14.5 The LLM Landscape¶
Objective: navigate the ecosystem of available models and pick the right one.
The field is not one model, it's a market. OpenAI ships the GPT-4 family, including GPT-4 Turbo. Anthropic builds the Claude 3 family. Google offers Gemini 1.5 Pro and the lighter, faster Flash. And the open-source camp — Llama, Mistral — lets you self-host and control your own weights instead of renting an API.

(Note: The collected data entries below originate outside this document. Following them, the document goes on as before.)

Lemma first_digit_pos_iff L pending d : cg_valid pending d (S L) ->
  d 0%nat <> 0%nat <-> 1 <= phi_value (coordA d (S L)) (coordB d (S L)).
Proof.
  intros [_ [_ Hv]]. pose proof phi_bounds. pose proof two_sub_phi_phi_succ.
  rewrite phi_value_coords_S. pose proof (phi_value_coords_nonneg (shift d) L).
  split.
  - intros Hd0. assert (1 <= INR (d 0%nat)) by (apply (le_INR 1); lia). nra.
  - intros Hge Hd0. rewrite Hd0 in Hv, Hge. cbn [cg_next INR] in Hv, Hge.
    pose proof (phi_value_coords_lt_bound _ _ _ Hv) as Hlt. unfold value_bound in Hlt.
    assert ((2 - phi) * phi_value (coordA (shift d) L) (coordB (shift d) L) < (2 - phi) * (phi + 1))
      by (apply Rmult_lt_compat_l; lra).
    lra.
Qed.

(* Greedy choice of the leading digit: afterwards the remaining value
   (v - d0) / (2 - phi) is again in the admissible range. *)
Lemma choose_digit v pending : 0 <= v < value_bound pending ->
  exists d0, (d0 <= 2)%nat /\ (pending = true -> d0 <> 2%nat) /\ INR d0 <= v /\
    v - INR d0 < (2 - phi) * value_bound (cg_next pending d0).
Proof.
  intros [Hv0 Hv1]. pose proof phi_bounds. pose proof two_sub_phi_phi.
  pose proof two_sub_phi_phi_succ. unfold value_bound in *.
  destruct (Rlt_dec v 1).
  { exists 0%nat. simpl. repeat split; try lia; lra. }
  destruct (Rlt_dec v 2).
  { exists 1%nat. simpl. repeat split; try lia; try lra. destruct pending; lra. }
  destruct pending; [lra|].
  exists 2%nat. simpl. repeat split; try lia; lra.
Qed.

Lemma peel_digit a b pending : 0 <= phi_value a b < value_bound pending ->
  exists d0 a' b', (d0 <= 2)%nat /\ (pending = true -> d0 <> 2%nat) /\
    a = (d0 + 2 * a' + b')%nat /\ b = (a' + b')%nat /\
    0 <= phi_value a' b' < value_bound (cg_next pending d0).
Proof.
  intros Hv. pose proof phi_bounds. pose proof two_sub_phi_phi. pose proof two_sub_phi_phi_succ.
  destruct (choose_digit _ _ Hv) as [d0 [Hd0 [Hp2 [Hle Hlt]]]].
  assert (Hbound : (2 - phi) * value_bound (cg_next pending d0) <= 1)
    by (unfold value_bound; destruct (cg_next pending d0); lra).
  unfold phi_value in Hle, Hlt. pose proof (pos_INR b).
  assert (Hle' : (d0 + b <= a)%nat) by (apply INR_le; rewrite plus_INR; nra).
  assert (Hlt' : (a < d0 + 2 * b + 1)%nat).
  { apply INR_lt. rewrite !plus_INR, mult_INR. simpl (INR 2). simpl (INR 1). nra. }
  exists d0, (a - d0 - b)%nat, (2 * b + d0 - a)%nat.
  set (a' := (a - d0 - b)%nat). set (b' := (2 * b + d0 - a)%nat).
  assert (Ea : a = (d0 + 2 * a' + b')%nat) by (unfold a', b'; lia).
  assert (Eb : b = (a' + b')%nat) by (unfold a', b'; lia).
  assert (Hv' : phi_value a b = INR d0 + (2 - phi) * phi_value a' b')
    by (rewrite Ea, Eb at 1; apply phi_value_cons).
  unfold phi_value at 1 in Hv'.
  repeat split; try assumption.
  - nra.
  - apply (Rmult_lt_reg_l (2 - phi)); lra.
Qed.

Lemma digits_of_phi_value a b pending : 0 <= phi_value a b < value_bound pending ->
  exists d L, cg_valid pending d L /\ (forall j, (L <= j)%nat -> d j = 0%nat) /\
    coordA d L = a /\ coordB d L = b.
Proof.
  remember (a + b)%nat as n eqn:En. revert a b pending En.
  induction n as [n IH] using lt_wf_ind. intros a b pending En Hv.
  destruct (Nat.eq_dec a 0) as [Ea|Ea].
  - assert (Eb : b = 0%nat).
    { subst a. unfold phi_value in Hv. simpl in Hv. destruct b as [|b]; [reflexivity|].
      pose proof phi_bounds. pose proof (pos_INR b). rewrite S_INR in Hv. nra. }
    subst a b. exists (fun _ => 0%nat), 0%nat. repeat split; auto.
  - destruct (peel_digit _ _ _ Hv) as (d0 & a' & b' & Hd0 & Hp2 & Ea' & Eb' & Hv').
    destruct (IH (a' + b')%nat ltac:(lia) a' b' _ eq_refl Hv') as (d & L & Hval & Hz & HA & HB).
    set (dd := fun j => match j with O => d0 | S j => d j end).
    assert (Hsh : shift dd = d) by reflexivity.
    exists dd, (S L). cbn [cg_valid coordA coordB]. rewrite Hsh, HA, HB.
    repeat split; [exact Hd0|exact Hp2|exact Hval| |unfold dd; lia|unfold dd; lia].
    intros [|j] Hj; [lia|]. apply Hz. lia.
Qed.

Lemma floor_nat_eq_iff y (B : nat) : 0 <= y -> floor_nat y = B <-> INR B <= y < INR B + 1.
Proof.
  intros Hy. unfold floor_nat. destruct (base_Int_part y) as [Hlo Hhi].
  assert (Hnn : (0 <= Int_part y)%Z) by (assert (-1 < Int_part y)%Z; [apply lt_IZR; simpl; lra|lia]).
  split.
  - intros <-. rewrite INR_IZR_INZ, Z2Nat.id by exact Hnn. lra.
  - intros [H1 H2]. rewrite INR_IZR_INZ in H1, H2.
    assert (Hlt : (Int_part y < Z.of_nat B + 1)%Z) by (apply lt_IZR; rewrite plus_IZR; simpl; lra).
    assert (Hgt : (Z.of_nat B - 1 < Int_part y)%Z) by (apply lt_IZR; rewrite minus_IZR; simpl; lra).
    replace (Int_part y) with (Z.of_nat B) by lia. apply Nat2Z.id.
Qed.

Lemma phi_value_window_iff a b :
  1 <= phi_value a b < phi + 1 <-> (1 <= a)%nat /\ b = floor_nat (INR (a - 1) / phi).
Proof.
  pose proof phi_bounds. unfold phi_value.
  assert (Hdiv : forall x, phi * (x / phi) = x) by (intro; field; lra).
  split.
  - intros [Hlo Hhi]. assert (0 <= phi * INR b) by (pose proof (pos_INR b); nra).
    assert (Ha : (1 <= a)%nat) by (apply (INR_le 1); simpl; lra).
    split; [exact Ha|]. symmetry.
    rewrite minus_INR by exact Ha. simpl (INR 1).
    apply floor_nat_eq_iff.
    + apply Rmult_le_pos; [lra|]. left. apply Rinv_0_lt_compat. lra.
    + split; [apply (Rmult_le_reg_l phi) | apply (Rmult_lt_reg_l phi)];
        rewrite ?Hdiv; lra.
  - intros [Ha Hb].
    assert (Hy : 0 <= INR (a - 1) / phi)
      by (apply Rmult_le_pos; [apply pos_INR|left; apply Rinv_0_lt_compat; lra]).
    symmetry in Hb. apply (floor_nat_eq_iff _ _ Hy) in Hb as [Hb1 Hb2].
    rewrite minus_INR in Hb1, Hb2 by exact Ha. simpl (INR 1) in Hb1, Hb2.
    apply (Rmult_le_compat_l phi) in Hb1; [|lra].
    apply (Rmult_lt_compat_l phi) in Hb2; [|lra].
    rewrite Hdiv in Hb1, Hb2. lra.
Qed.

Open Scope nat_scope.

Definition place (k : nat) (d : nat -> nat) : nat -> nat :=
  fun i => if k <=? i then d (i - k) else 0.

Lemma place_shift k d j : place k d (k + j) = d j.
Proof.
  unfold place. replace (k <=? k + j) with true by (symmetry; apply Nat.leb_le; lia).
  f_equal. lia.
Qed.

Lemma CG_decomp_place k d L : 1 <= k -> cg_valid false d L ->
  (forall j, L <= j -> d j = 0) -> CG_decomp (digit_sum k d L) (place k d).
Proof.
  intros Hk Hv Hz. destruct (digits_of_cg_valid L false d Hv) as [Hdig [Hsep _]].
  assert (Hplace : forall i, place k d i = 0 \/ (k <= i /\ i - k < L /\ place k d i = d (i - k))).
  { intro i. unfold place. destruct (k <=? i) eqn:E; [|left; reflexivity].
    apply Nat.leb_le in E. destruct (Nat.lt_ge_cases (i - k) L); [right; auto|left; auto]. }
  split; [|split].
  - intros i _. destruct (Hplace i) as [->|(_ & Hi & ->)]; [lia|auto].
  - exists (k - 1 + L). split.
    + intros i Hi. unfold place. destruct (k <=? i); [apply Hz; lia|reflexivity].
    + rewrite cg_sum_split, cg_sum_eq0 by (try exact Hk; intros i Hi; unfold place;
        replace (k <=? i) with false by (symmetry; apply Nat.leb_gt; lia); reflexivity).
      apply digit_sum_ext. intro j. symmetry; apply place_shift.
  - intros i j _ Hij Hi Hj.
    destruct (Hplace i) as [E|(Hki & Hil & E)]; [congruence|].
    destruct (Hplace j) as [E'|(Hkj & Hjl & E')]; [congruence|].
    rewrite E in Hi. rewrite E' in Hj.
    destruct (Hsep (i - k) (j - k) ltac:(lia) Hi Hj) as [l [Hl Hl0]].
    exists (k + l). split; [lia|]. rewrite place_shift. exact Hl0.
Qed.

Lemma A2k_of_digits k d L : 1 <= k -> cg_valid false d L ->
  (forall j, L <= j -> d j = 0) -> d 0 <> 0 ->
  A2k k (coordA d L * F (2 * k) + coordB d L * F (2 * k - 1)).
Proof.
  intros Hk Hv Hz Hd0. rewrite <- digit_sum_coords by exact Hk.
  destruct L as [|L]; [exfalso; apply Hd0, Hz; lia|].
  split; [|exists (place k d); split; [|split]].
  - rewrite digit_sum_coords by exact Hk. cbn [coordA].
    destruct k as [|k]; [lia|]. replace (2 * S k) with (S (2 * k + 1)) by lia.
    pose proof (F_pos (2 * k + 1)). nia.
  - exact (CG_decomp_place k d (S L) Hk Hv Hz).
  - pose proof (place_shift k d 0) as E. rewrite Nat.add_0_r in E. rewrite E. exact Hd0.
  - intros i Hi. unfold place.
    replace (k <=? i) with false by (symmetry; apply Nat.leb_gt; lia). reflexivity.
Qed.

Lemma digits_of_A2k k m : 1 <= k -> A2k k m ->
  exists d L, cg_valid false d (S L) /\ d 0 <> 0 /\
    m = coordA d (S L) * F (2 * k) + coordB d (S L) * F (2 * k - 1).
Proof.
  intros Hk [_ [c [[Hdig [[N [HN Hsum]] Hsep]] [Hck Hbelow]]]].
  assert (HkN : k <= N) by (destruct (Nat.le_gt_cases k N); [auto|exfalso; apply Hck, HN; lia]).
  exists (fun j => c (k + j)), (N - k). split; [|split].
  - apply cg_valid_of_digits; [| |discriminate].
    + intros i _. apply Hdig. lia.
    + intros i j Hij Hi Hj.
      destruct (Hsep (k + i) (k + j) ltac:(lia) ltac:(lia) Hi Hj) as [l [Hl Hl0]].
      exists (l - k). split; [lia|]. replace (k + (l - k)) with l by lia. exact Hl0.
  - rewrite Nat.add_0_r. exact Hck.
  - rewrite <- digit_sum_coords by exact Hk.
    replace N with (k - 1 + S (N - k)) in Hsum by lia.
    rewrite cg_sum_split, cg_sum_eq0 in Hsum by (try exact Hk; intros i Hi; apply Hbelow; lia).
    exact Hsum.
Qed.

Lemma A2k_iff_phi_value_window k m : 1 <= k ->
  A2k k m <-> exists a b, (1 <= phi_value a b < phi + 1)%R /\
                          m = a * F (2 * k) + b * F (2 * k - 1).
Proof.
  intros Hk. split.
  - intros HA. destruct (digits_of_A2k k m Hk HA) as (d & L & Hv & Hd0 & ->).
    exists (coordA d (S L)), (coordB d (S L)). split; [|reflexivity]. split.
    + apply (first_digit_pos_iff L false d Hv). exact Hd0.
    + exact (phi_value_coords_lt_bound _ _ _ Hv).
  - intros (a & b & [Hlo Hhi] & ->).
    destruct (digits_of_phi_value a b false ltac:(unfold value_bound; lra))
      as (d & L & Hv & Hz & <- & <-).
    apply (A2k_of_digits k d L Hk Hv Hz).
    destruct L as [|L]; [unfold phi_value in Hlo; simpl in Hlo; lra|].
    apply (first_digit_pos_iff L false d Hv). exact Hlo.
Qed.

The skill isn't memorizing spec sheets, it's matching model to job. A cheap, fast model handles high-volume classification and simple extraction; a top-tier model earns its cost on hard reasoning, long-context work, or anything user-facing where quality shows. Open-source wins when data can't leave your servers or when per-call API costs won't scale. Defaulting to the biggest, most expensive model for everything is the same mistake as 14.1, just one layer up.
Drill:
- Match three task types (bulk tagging, legal summarization, on-prem chat) to a sensible model tier.
- List one concrete reason to choose open-source over a hosted API.
- Explain the cost-versus-quality trade between a Flash-class and a frontier model.
14.6 Hands-On Lab: Token Exploration¶
Objective: explore tokenization, context limits, and cost empirically instead of taking them on faith.
What you ship
A small Python script that makes the abstract concrete. Use tiktoken to tokenize several strings and print both the token IDs and the human-readable pieces, so you can see exactly where words split. Feed it a few different content types — plain English, code, JSON, and text with emoji — and compare how many tokens each burns per character. Push a deliberately oversized input toward a model's context-window limit and observe what happens as you approach it. Finally, take a published per-token price and calculate the real dollar cost of a handful of sample prompts, so "token economics" stops being a phrase and becomes a number you can defend in a planning meeting.
On the VWC codebase
When you bring an AI feature into the Vets Who Code app, remember it currently runs the Next.js Pages Router, so model calls belong in an API handler under src/pages/api/ — never in the browser, where your API key would be exposed. If a page needs model output at load time, fetch it server-side in getServerSideProps (or getStaticProps for content that can be precomputed) rather than reaching for App Router route handlers or Server Components. The token-cost thinking from this lab is exactly what keeps such an endpoint from quietly becoming the most expensive line item in the app.